Bowser gaped his mouth to say something else, but clenched it and nodded. "The soldiers will take you back."
"Yeah, yeah."
Through the corridor, Luigi was followed quite closely by two guards, stopping here and there to check out portraits hung on the walls. As he stepped into his room and shut the door, he plopped on his uninjured side and winced at the pain from the sudden jolt.
'All I wanted was..'
He didn't dare finish that thought, he knew what he wanted, but shouldn't have expected it from a dragon wannabe. He flopped onto his back, so he could brace himself upwards and started to the window. Looking out, he could see a few huts on some wetlands and noticed the drastic transition from soil to soot.
Bowser placed the plate in the sink and started to wash it. The Koopa beside him glanced up at him nervously, already working on a heavy load of dishes.
He didn't say anything, but he could tell his presence made them nervous, "You."
"M-Me, your highness?"
"No, the ceiling."
"Oh! Ok."
Bowser groaned, "Of course I meant you!"
"Sorry, your highness!", They squeaked.
"Ugh... Look, did you treat the Queen last night?"
The Koopa perked up, "Yes! H-He was a bit nervous about drinking the soup, but I-"
"I didn't ask for all of the details."
"Sorry.."
"Good. Now, did he.. seem like a fit ruler to you?"
The dish-washer slowly lowered their sponge and plate, thinking. "He.. didn't NOT seem like one."
"Hm... And did he ever yell any orders? Demand anything? What do you think of him as a Queen?"
The Koopa was stunned, eyes widened and was slowly inched away from the King in fear of the wrong answer.
"Well?", Bowser sneered.
"U-Um... He didn't yell, I think his orders were in reason... He asked me to taste the soup for poison. I'm not sure if h-he'll be a good Queen since I don't know what he's done for the kingdom yet..B-But as long as he keeps your kingdom strong. It should be fine?"
Bowser put the plate down and grabbed the Koopa with his claw. They yelled and quivered as he raised them up to his eye level.
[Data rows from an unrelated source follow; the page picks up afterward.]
(* Let $G$ be a graph and $v\in V(G)$. Let $G^-$ be obtained from $G$ by adding a vertex $v^-$ with $N_{G^-}(v^-)=N_G(v)$, and $G^+$ be obtained by adding a vertex $v^+$ with $N_{G^+}(v^+)=N_G[v]$ (closed neighborhood). Let $\star\in\{+,-\}$, and if $\star=+$ assume $v$ is not an isolated vertex. Then $\mathcal{Z}^{\mathrm{TE}}_{\star}(G^{\star})\cong(\mathcal{Z}^{\mathrm{TE}}_{\star}(G)\,\square\,P_2)/\!\sim$, $\mathcal{Z}^{\mathrm{TS}}_+(G^+)\cong(\mathcal{Z}^{\mathrm{TS}}_+(G)\,\square\,P_2)/\!\sim$, and $\mathcal{Z}^{\mathrm{TS}}_-(G^-)\cong(2\mathcal{Z}^{\mathrm{TS}}_-(G))/\!\sim$, where $V(P_2)=\{v,v^\star\}$, the vertices of the two copies in $2\mathcal{Z}^{\mathrm{TS}}_-(G)$ are written $(B,v)$ and $(B,v^-)$ for $B$ a vertex of $\mathcal{Z}^{\mathrm{TS}}_-(G)$, and in each case $\sim$ is the equivalence relation identifying $(B,v)$ with $(B,v^{\star})$ if and only if $v\in B$.
   Context: $\square$ denotes the Cartesian product and $2H$ the disjoint union of two copies of $H$. For an equivalence relation $\sim$ on $V(H)$, the quotient graph $H/\!\sim$ has the equivalence classes as vertices, with two distinct classes adjacent iff some member of one is adjacent in $H$ to some member of the other. PSD forcing ($\star=+$): if $B$ is the current blue set, $C$ a component of $G-B$, and $u$ a blue vertex with $N_G(u)\cap V(C)=\{w\}$, then $u$ may force $w$ blue. Skew forcing ($\star=-$): any vertex $u$ (blue or white) with exactly one white neighbor $w$ may force $w$ blue. A $\mathrm{Z}_\star$-forcing set is a (possibly empty) set of initially blue vertices from which repeated forcing turns all vertices blue; $\mathrm{Z}_\star(G)$ is the minimum size. $\mathcal{Z}^{\mathrm{TE}}_\star(G)$ has as vertices the minimum $\mathrm{Z}_\star$-forcing sets of $G$, with $S_1S_2$ an edge iff $S_1\setminus S_2=\{v_1\}$ and $S_2\setminus S_1=\{v_2\}$ for some vertices $v_1,v_2$; $\mathcal{Z}^{\mathrm{TS}}_\star(G)$ has the same vertices with the additional requirement $v_1v_2\in E(G)$. *)

From mathcomp Require Import all_boot.
Set Implicit Arguments. Unset Strict Implicit. Unset Printing Implicit Defensive.

Inductive sign := Plus | Minus.

Section Forcing.
Variables (T : finType) (e : rel T).

(** vertices of the component of G - B containing w (empty if w is blue) *)
Definition white_comp (B : {set T}) (w : T) : {set T} :=
  [set y | (y \notin B) &&
     connect [rel a b | [&& e a b, a \notin B & b \notin B]] w y].

Definition can_force (s : sign) (B : {set T}) (u w : T) : bool :=
  match s with
  | Plus => [&& u \in B, w \notin B &
             [set y in white_comp B w | e u y] == [set w]]
  | Minus => [set y | e u y && (y \notin B)] == [set w]
  end.

Inductive forcing_closes (s : sign) : {set T} -> Prop :=
| fc_done B : B = setT -> forcing_closes s B
| fc_step B u w : can_force s B u w -> forcing_closes s (w |: B) ->
    forcing_closes s B.

Definition forcing_set (s : sign) (S : {set T}) : Prop := forcing_closes s S.

Definition min_forcing_set (s : sign) (S : {set T}) : Prop :=
  forcing_set s S /\ forall S', forcing_set s S' -> #|S| <= #|S'|.

End Forcing.

(** G^-  (s = Minus): new vertex None with N(None) = N_G(v);
    G^+  (s = Plus) : new vertex None with N(None) = N_G[v]. *)
Definition ext_graph (T : finType) (e : rel T) (s : sign) (v : T)
  : rel (option T) :=
  fun x y =>
    match x, y with
    | Some a, Some b => e a b
    | None, Some b => e v b || (if s is Plus then b == v else false)
    | Some a, None => e v a || (if s is Plus then a == v else false)
    | None, None => false
    end.

Record graph := Graph { gV : Type; gadj : gV -> gV -> Prop }.
Arguments gadj : clear implicits.
Arguments Graph : clear implicits.

Definition graph_iso (G H : graph) : Prop :=
  exists f : gV G -> gV H, bijective f /\
    forall x y, gadj G x y <-> gadj H (f x) (f y).

Definition cart (G H : graph) : graph :=
  @Graph (gV G * gV H)
    (fun p q => (gadj G p.1 q.1 /\ p.2 = q.2) \/ (p.1 = q.1 /\ gadj H p.2 q.2)).

(** P_2 on vertex set bool: false stands for v, true for v^star *)
Definition P2 : graph := @Graph bool (fun a b => a <> b).

(** disjoint union of two copies: (x,false) = (x,v), (x,true) = (x,v^-) *)
Definition two_copies (G : graph) : graph :=
  @Graph (gV G * bool) (fun p q => p.2 = q.2 /\ gadj G p.1 q.1).

Definition quotient_graph (G : graph) (R : gV G -> gV G -> Prop) : graph :=
  @Graph {P : gV G -> Prop | exists x, P = R x}
    (fun P Q => proj1_sig P <> proj1_sig Q /\
       exists x y, proj1_sig P x /\ proj1_sig Q y /\ gadj G x y).

Definition ident_rel (T : finType) (P : {set T} -> Prop) (v : T)
  (p q : {S : {set T} | P S} * bool) : Prop :=
  p.1 = q.1 /\ (p.2 = q.2 \/ v \in proj1_sig p.1).

Definition ZTE (T : finType) (s : sign) (e : rel T) : graph :=
  @Graph {S : {set T} | min_forcing_set e s S}
    (fun S1 S2 => exists v1 v2,
       proj1_sig S1 :\: proj1_sig S2 = [set v1] /\
       proj1_sig S2 :\: proj1_sig S1 = [set v2]).

Definition ZTS (T : finType) (s : sign) (e : rel T) : graph :=
  @Graph {S : {set T} | min_forcing_set e s S}
    (fun S1 S2 => exists v1 v2,
       [/\ proj1_sig S1 :\: proj1_sig S2 = [set v1],
           proj1_sig S2 :\: proj1_sig S1 = [set v2] & e v1 v2]).

From mathcomp Require Import all_boot.
From Stdlib Require Import ProofIrrelevance FunctionalExtensionality PropExtensionality ClassicalEpsilon.
Set Implicit Arguments. Unset Strict Implicit. Unset Printing Implicit Defensive.

(* The new vertex v* (encoded as [None]) is a twin of v, so swapping v and v* is
   an automorphism of G*.  Two white twins cannot be forced one at a time, so every
   forcing set of G* contains v or v*; and deleting v* from a forcing set containing
   it leaves a forcing set of G, because a force by v* is replayed by v or, when v is
   still white under PSD forcing, by a neighbour of v (this is where v must not be
   isolated).  Hence the minimum forcing sets of G* are the sets B + v* and their
   images under the swap, for B minimum in G.  This parametrisation by (B, copy) is
   injective up to identifying the two copies when v is in B, and a token move between
   two such sets is either a move of G inside one copy, or the move between v and v*
   with B fixed, which is a slide exactly when v v* is an edge, i.e. in G+. *)

Lemma proj1_sig_inj (X : Type) (P : X -> Prop) : injective (@proj1_sig X P).
Proof. by apply: eq_sig_hprop => x p q; apply: proof_irrelevance. Qed.

Lemma graph_iso_quotient (X : Type) (P : X -> Prop)
    (adj : {x | P x} -> {x | P x} -> Prop) (H : graph)
    (R : gV H -> gV H -> Prop) (phi : gV H -> X) :
  (forall p, P (phi p)) ->
  (forall x, P x -> exists p, x = phi p) ->
  (forall p q, phi p = phi q <-> R p q) ->
  (forall S1 S2 p q, proj1_sig S1 = phi p -> proj1_sig S2 = phi q ->
     adj S1 S2 <-> ~ R p q /\ exists p' q', [/\ R p p', R q q' & gadj H p' q']) ->
  graph_iso (Graph {x | P x} adj) (quotient_graph R).
Proof.
move=> phiP phi_onto phi_fibre phi_adj.
have class_eq p q : R p = R q <-> R p q.
  split=> [-> | Rpq]; first by apply/phi_fibre.
  apply: functional_extensionality => r; apply: propositional_extensionality.
  by rewrite -!phi_fibre; move/phi_fibre: Rpq => ->.
have rep (S : {x | P x}) : {p | proj1_sig S = phi p}.
  by apply: constructive_indefinite_description; apply: phi_onto; exact: proj2_sig.
have class_rep (Q : gV (quotient_graph R)) : {p | proj1_sig Q = R p}.
  by apply: constructive_indefinite_description; case: Q.
pose f S : gV (quotient_graph R) :=
  exist (fun Q => exists p, Q = R p) (R (sval (rep S))) (ex_intro _ _ erefl).
pose g Q : {x | P x} := exist P (phi (sval (class_rep Q))) (phiP _).
exists f; split.
  exists g => [S | Q]; apply: proj1_sig_inj => /=.
    case: (class_rep _) => q /= /esym/class_eq Rpq.
    by case: (rep S) Rpq => p /= -> /phi_fibre.
  case: (rep _) => p /= phi_p; case: (class_rep Q) phi_p => q /= -> phi_q.
  by apply/class_eq/phi_fibre.
move=> S1 S2 /=; case: (rep S1) => p /= Sp; case: (rep S2) => q /= Sq.
rewrite (phi_adj _ _ _ _ Sp Sq) class_eq; split.
  by case=> nRpq [p' [q' [Rp Rq Hpq]]]; split=> //; exists p', q'.
by case=> nRpq [p' [q' [Rp [Rq Hpq]]]]; split=> //; exists p', q'.
Qed.

Lemma imset_eq_set1_inv (U V : finType) (f : U -> V) (A : {set U}) y :
  injective f -> f @: A = [set y] -> exists2 x, y = f x & A = [set x].
Proof.
move=> f_inj fA; have : y \in f @: A by rewrite fA set11.
case/imsetP => x _ eyx; exists x => //.
by apply: (imset_inj f_inj); rewrite fA imset_set1 eyx.
Qed.

Definition exchange (X : finType) (r : rel X) (A1 A2 : {set X}) : Prop :=
  exists x1 x2, [/\ A1 :\: A2 = [set x1], A2 :\: A1 = [set x2] & r x1 x2].

Lemma exchangeC (X : finType) (r : rel X) (A1 A2 : {set X}) :
  symmetric r -> exchange r A1 A2 <-> exchange r A2 A1.
Proof.
by move=> r_sym; split=> -[x1 [x2 [d12 d21 rx]]]; exists x2, x1; rewrite r_sym.
Qed.

Lemma exchange_neq (X : finType) (r : rel X) (A1 A2 : {set X}) :
  exchange r A1 A2 -> A1 != A2.
Proof.
case=> x1 [x2 [d12 _ _]]; apply/eqP => eA.
by move: d12; rewrite eA setDv => /setP /(_ x1); rewrite !inE eqxx.
Qed.

Lemma exchange_predT (X : finType) (A1 A2 : {set X}) :
  (exists x1 x2, A1 :\: A2 = [set x1] /\ A2 :\: A1 = [set x2]) <->
  exchange (fun _ _ => true) A1 A2.
Proof. by split=> [[x1 [x2 []]] | [x1 [x2 []]]]; exists x1, x2. Qed.

Lemma ident_rel_quotient_adj (T : finType) (P : {set T} -> Prop) v (r : rel T)
    (c : Prop) (adj : {B | P B} * bool -> {B | P B} * bool -> Prop) p q :
  (forall p q, adj p q <->
     (exchange r (sval p.1) (sval q.1) /\ p.2 = q.2) \/ [/\ p.1 = q.1, p.2 <> q.2 & c]) ->
  (exchange r (sval p.1) (sval q.1) /\ [\/ p.2 = q.2, v \in sval p.1 | v \in sval q.1])
    \/ [/\ sval p.1 = sval q.1, p.2 <> q.2, v \notin sval p.1 & c] <->
  ~ ident_rel v p q /\
    exists p' q', [/\ ident_rel v p p', ident_rel v q q' & adj p' q'].
Proof.
case: p q => [S1 b1] [S2 b2] adjE; rewrite /ident_rel /=; split.
  case=> [[xch copies] | [/proj1_sig_inj eS nb vS hc]]; last first.
    subst S2; split; first by case=> _ [|]; [|apply/negP].
    exists (S1, b1), (S1, b2).
    by split; [split; auto | split; auto | apply/adjE; right].
  have nS : S1 <> S2 by move=> eS; move: (exchange_neq xch); rewrite eS eqxx.
  split=> [[]|] //.
  case: copies => [<- | vS1 | vS2].
  - exists (S1, b1), (S2, b1).
    by split; [split; auto | split; auto | apply/adjE; left].
  - exists (S1, b2), (S2, b2).
    by split; [split; auto | split; auto | apply/adjE; left].
  - exists (S1, b1), (S2, b1).
    by split; [split; auto | split; auto | apply/adjE; left].
case=> nR [[S1' b1'] [[S2' b2'] [[/= <- copy1] [/= <- copy2]]]].
move/adjE => /= [[xch eb] | [eS nb hc]].
  left; split=> //; subst b2'.
  by case: copy1 copy2 => [->|?] [->|?]; [apply: Or31 | apply: Or33 | apply: Or32 ..].
subst S2; right.
by split=> //; [move=> e12 | apply/negP => vS]; apply: nR; split; auto.
Qed.
(* Let $\Omega$ be a topological space and let $X$ be a locally convex topological vector space whose topology is given by a family $\mathfrak{A}$ of seminorms. Let $V \subset F(\Omega, \mathbb{R}_+)$, $A \subset C(\Omega, \mathbb{C})$, $W \subset F(\Omega, X)$ and $f \in F(\Omega, X)$. Assume $A$ is a multiplier of $W$ and that $f - g \in FV_{b}(\Omega, X)$ for every $g \in W$. Then for each $p \in \mathfrak{A}$ and $v \in V$ there is an $(A, v)$-antisymmetric $z$-filter $\mathcal{F}$ on $\Omega$ such that \[ \inf_{F \in \mathcal{F}} d_{v, p, F}(f, W) = d_{v, p, \Omega}(f, W). \] Moreover, $\mathcal{F}$ can be chosen maximal in the following sense: if $\mathcal{E}$ is a $z$-filter on $\Omega$ with $\mathcal{F} \subset \mathcal{E}$ and $\inf_{E \in \mathcal{E}} d_{v, p, E}(f, W) = d_{v, p, \Omega}(f, W)$, then $\mathcal{E} = \mathcal{F}$.
   Context: Topological spaces are not assumed Hausdorff. $F(\Omega,X)$ denotes all functions $\Omega\to X$, $\mathbb{R}_+=[0,\infty)$. For $p\in\mathfrak{A}$, $v\in F(\Omega,\mathbb{R}_+)$, $f\in F(\Omega,X)$, $F\subset\Omega$: $|f|_{v,p,F}=\sup\{v(x)p(f(x)):x\in F\}$, and for $W\subset F(\Omega,X)$, $d_{v,p,F}(f,W)=\inf\{|f-g|_{v,p,F}:g\in W\}$. $FV_b(\Omega,X)=\{f\in F(\Omega,X): \sup_{x\in\Omega}v(x)p(f(x))<\infty \text{ for all } v\in V,\ p\in\mathfrak{A}\}$. A zero-set of $\Omega$ is a set $h^{-1}(0)$ with $h\in C(\Omega,\mathbb{R})$; $Z(\Omega)$ is the set of zero-sets. A $z$-filter on $\Omega$ is a nonempty $\mathcal{F}\subset Z(\Omega)$ with $\emptyset\notin\mathcal{F}$, closed under finite intersections, and such that $Z\in\mathcal{F}$, $Z'\in Z(\Omega)$, $Z\subset Z'$ imply $Z'\in\mathcal{F}$. For $v\in F(\Omega,\mathbb{R}_+)$, $\mathrm{supp}\, v$ is the closure of $\{x:v(x)\neq 0\}$. A $z$-filter $\mathcal{F}$ is $(A,v)$-antisymmetric if every $F\in\mathcal{F}$ meets $\mathrm{supp}\,v$ and, for each $\phi\in A$ with $\bigcap_{F\in\mathcal{F}}\overline{\phi(F\cap\mathrm{supp}\,v)}\subset[0,1]$ (closures taken in the one-point compactification $\mathbb{C}\cup\{\infty\}$), this intersection is a single point. A function $\varphi\in F(\Omega,\mathbb{C})$ is a multiplier of $W$ if $\varphi f+(1-\varphi)g\in W$ for all $f,g\in W$; $A$ is a multiplier of $W$ if each $\varphi\in A$ is. *)

From HB Require Import structures.
From mathcomp Require Import all_boot all_order all_algebra.
From mathcomp Require Import all_classical all_reals.
From mathcomp Require Import ereal topology normedtype one_point_compactification.
From mathcomp Require Import complex.

Set Implicit Arguments.
Unset Strict Implicit.
Unset Printing Implicit Defensive.

Import Order.TTheory GRing.Theory Num.Theory.
Import numFieldTopology.Exports numFieldNormedType.Exports.
Local Open Scope classical_set_scope.
Local Open Scope ring_scope.
Local Open Scope ereal_scope.
Local Open Scope ring_scope.
Local Open Scope complex_scope.

(** The complex numbers are [R[i]] for [R : realType]; their topology is
    the norm topology, obtained through the alias [(R[i])^o]. *)

Definition is_seminorm (R : realType) (X : lmodType R[i]) (p : X -> R) : Prop :=
  (forall x y : X, p (x + y) <= p x + p y) /\
  (forall (a : R[i]) (x : X), (p (a *: x))%:C = `|a| * (p x)%:C).

Definition wsnorm (R : realType) (Omega : Type) (X : lmodType R[i])
  (v : Omega -> R) (p : X -> R) (F : set Omega) (h : Omega -> X) : \bar R :=
  ereal_sup ([set 0%E] `|` [set ((v x) * p (h x))%:E | x in F]).

Definition wdist (R : realType) (Omega : Type) (X : lmodType R[i])
  (v : Omega -> R) (p : X -> R) (F : set Omega) (f : Omega -> X)
  (W : set (Omega -> X)) : \bar R :=
  ereal_inf [set wsnorm v p F (fun x => f x - g x) | g in W].

Definition FVb (R : realType) (Omega : Type) (X : lmodType R[i])
  (V : set (Omega -> R)) (AA : set (X -> R)) : set (Omega -> X) :=
  [set h | forall v p, V v -> AA p ->
     (ereal_sup [set ((v x) * p (h x))%:E | x in [set: Omega]] < +oo)%E].

Definition zero_sets (R : realType) (Omega : topologicalType) : set (set Omega) :=
  [set h @^-1` [set 0] | h in [set h : Omega -> R | continuous h]].

Definition is_zfilter (R : realType) (Omega : topologicalType)
  (FF : set (set Omega)) : Prop :=
  [/\ FF `<=` @zero_sets R Omega, FF !=set0, ~ FF set0,
      (forall Z1 Z2, FF Z1 -> FF Z2 -> FF (Z1 `&` Z2)) &
      (forall Z Z', FF Z -> @zero_sets R Omega Z' -> Z `<=` Z' -> FF Z')].

Definition supp (R : realType) (Omega : topologicalType) (v : Omega -> R) :
  set Omega := closure [set x | v x != 0].

Definition to_opc (R : realType) (z : R[i]) :
  one_point_compactification (R[i])^o := Some (z : (R[i])^o).

Definition continuousC (R : realType) (Omega : topologicalType)
  (phi : Omega -> R[i]) : Prop := continuous (phi : Omega -> (R[i])^o).

Definition Av_antisymmetric (R : realType) (Omega : topologicalType)
  (A : set (Omega -> R[i])) (v : Omega -> R) (FF : set (set Omega)) : Prop :=
  (forall F, FF F -> F `&` supp v !=set0) /\
  (forall phi, A phi ->
     let I := \bigcap_(F in FF)
                closure (@to_opc R @` (phi @` (F `&` supp v))) in
     I `<=` [set @to_opc R (r%:C) | r in [set r : R | 0 <= r <= 1]] ->
     exists c, I = [set c]).

Definition is_multiplier (R : realType) (Omega : Type) (X : lmodType R[i])
  (W : set (Omega -> X)) (phi : Omega -> R[i]) : Prop :=
  forall f g, W f -> W g -> W (fun x => phi x *: f x + (1 - phi x) *: g x).

From HB Require Import structures.
From mathcomp Require Import all_boot all_order all_algebra.
From mathcomp Require Import all_classical all_reals.
From mathcomp Require Import ereal topology normedtype one_point_compactification.
From mathcomp Require Import complex sequences.
From mathcomp Require Import ring lra.

Import Order.TTheory GRing.Theory Num.Theory.
Import numFieldTopology.Exports numFieldNormedType.Exports.
Local Open Scope classical_set_scope.
Local Open Scope ring_scope.
Local Open Scope complex_scope.

(** Zorn's lemma yields a z-filter FF, maximal among the z-filters all of whose
    members F satisfy d_F(f, W) = d(f, W).  Growing FF from the z-sets through a
    point where v does not vanish (if d(f, W) is 0 or +oo), or from {Omega}
    (otherwise), makes every member of FF meet supp v.  Suppose some phi in A had
    two real cluster values a < b along FF on supp v, and pick a < t1 < t2 < b.
    The zero-set {Re phi <= t2} meets every member of FF (a is a cluster value)
    but is not in FF (b is one), so by maximality some F in FF has
    d_{F & {Re phi <= t2}}(f, W) < d(f, W); likewise for {t1 <= Re phi}.  This
    gives g1, g2 in W beating d(f, W) on these two parts of a common F.  As FF
    clusters in [0, 1], for large n and m the multiplier psi = (1 - phi^n)^m is
    nearly 1 where Re phi < t1 and nearly 0 where Re phi > t2, so
    psi g1 + (1 - psi) g2 lies in W and beats d(f, W) on a member of FF. *)

(** * Weighted seminorms and distances *)

Section WeightedSeminorm.
Context {R : realType} {Omega : Type} {X : lmodType R[i]}.
Variables (v : Omega -> R) (p : X -> R).
Implicit Types (F G : set Omega) (h g f : Omega -> X) (W : set (Omega -> X)).

Lemma wsnorm_ge0 F h : (0 <= wsnorm v p F h)%E.
Proof. by apply: ereal_sup_ubound; left. Qed.

Lemma le_wsnorm {F G} h : F `<=` G -> (wsnorm v p F h <= wsnorm v p G h)%E.
Proof.
move=> FG; apply: ereal_sup_le => _ [->|[x Fx <-]]; first by left.
by right; exists x => //; apply: FG.
Qed.

Lemma wsnorm_ubound F h x : F x -> ((v x * p (h x))%:E <= wsnorm v p F h)%E.
Proof. by move=> Fx; apply: ereal_sup_ubound; right; exists x. Qed.

Lemma ge_wsnorm F h (s : R) : 0 <= s ->
  (forall x, F x -> v x * p (h x) <= s) -> (wsnorm v p F h <= s%:E)%E.
Proof.
move=> s0 hs; apply: ge_ereal_sup => _ [->|[x Fx <-]]; rewrite lee_fin //.
exact: hs.
Qed.

Lemma wdist_ge0 F f W : (0 <= wdist v p F f W)%E.
Proof. by apply: le_ereal_inf_tmp => _ [g _ <-]; apply: wsnorm_ge0. Qed.

Lemma le_wdist {F G} f W : F `<=` G -> (wdist v p F f W <= wdist v p G f W)%E.
Proof.
move=> FG; apply: le_ereal_inf_tmp => _ [g Wg <-].
by apply: (le_trans _ (le_wsnorm _ FG)); apply: ereal_inf_lbound; exists g.
Qed.

Lemma wdist_le_wsnorm {F f W g} : W g ->
  (wdist v p F f W <= wsnorm v p F (fun x => (f x - g x)%R))%E.
Proof. by move=> Wg; apply: ereal_inf_lbound; exists g. Qed.

Lemma wdist_set0 F f : wdist v p F f set0 = +oo%E.
Proof. by apply/ereal_inf_pinfty => y [g]. Qed.

Lemma wdist_lt_witness {F f W} {s : R} : (wdist v p F f W < s%:E)%E ->
  exists g r, [/\ W g, 0 <= r < s & forall x, F x -> v x * p (f x - g x) <= r].
Proof.
move=> /ereal_inf_lt[_ [g Wg <-]].
have := wsnorm_ge0 F (fun x => (f x - g x)%R).
case E : wsnorm => [r| |] // r0 rs; exists g, r; rewrite -lee_fin r0 -lte_fin rs.
by split=> // x Fx; rewrite -lee_fin -E; apply: wsnorm_ubound.
Qed.

End WeightedSeminorm.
"Are you saying he'd take my place?!"
"N-No! Not at all your highness! I-Im just saying you could use him to your advantage! He'll know.. um. Oh! About plans of attack against your kingdom o-or possibly the location of another superstar?!", They squeaked as their head was slowly retracting.
Bowser thought about it and grinned, he dropped the help and stomped off.
'And with him visiting home every month.. I could use the plans of the Mushroom kingdom to once and for all, crush Mario and take Peach! I'll have a proper wedding and Queen at my side!'
He chuckled at the thought and headed to his throne room.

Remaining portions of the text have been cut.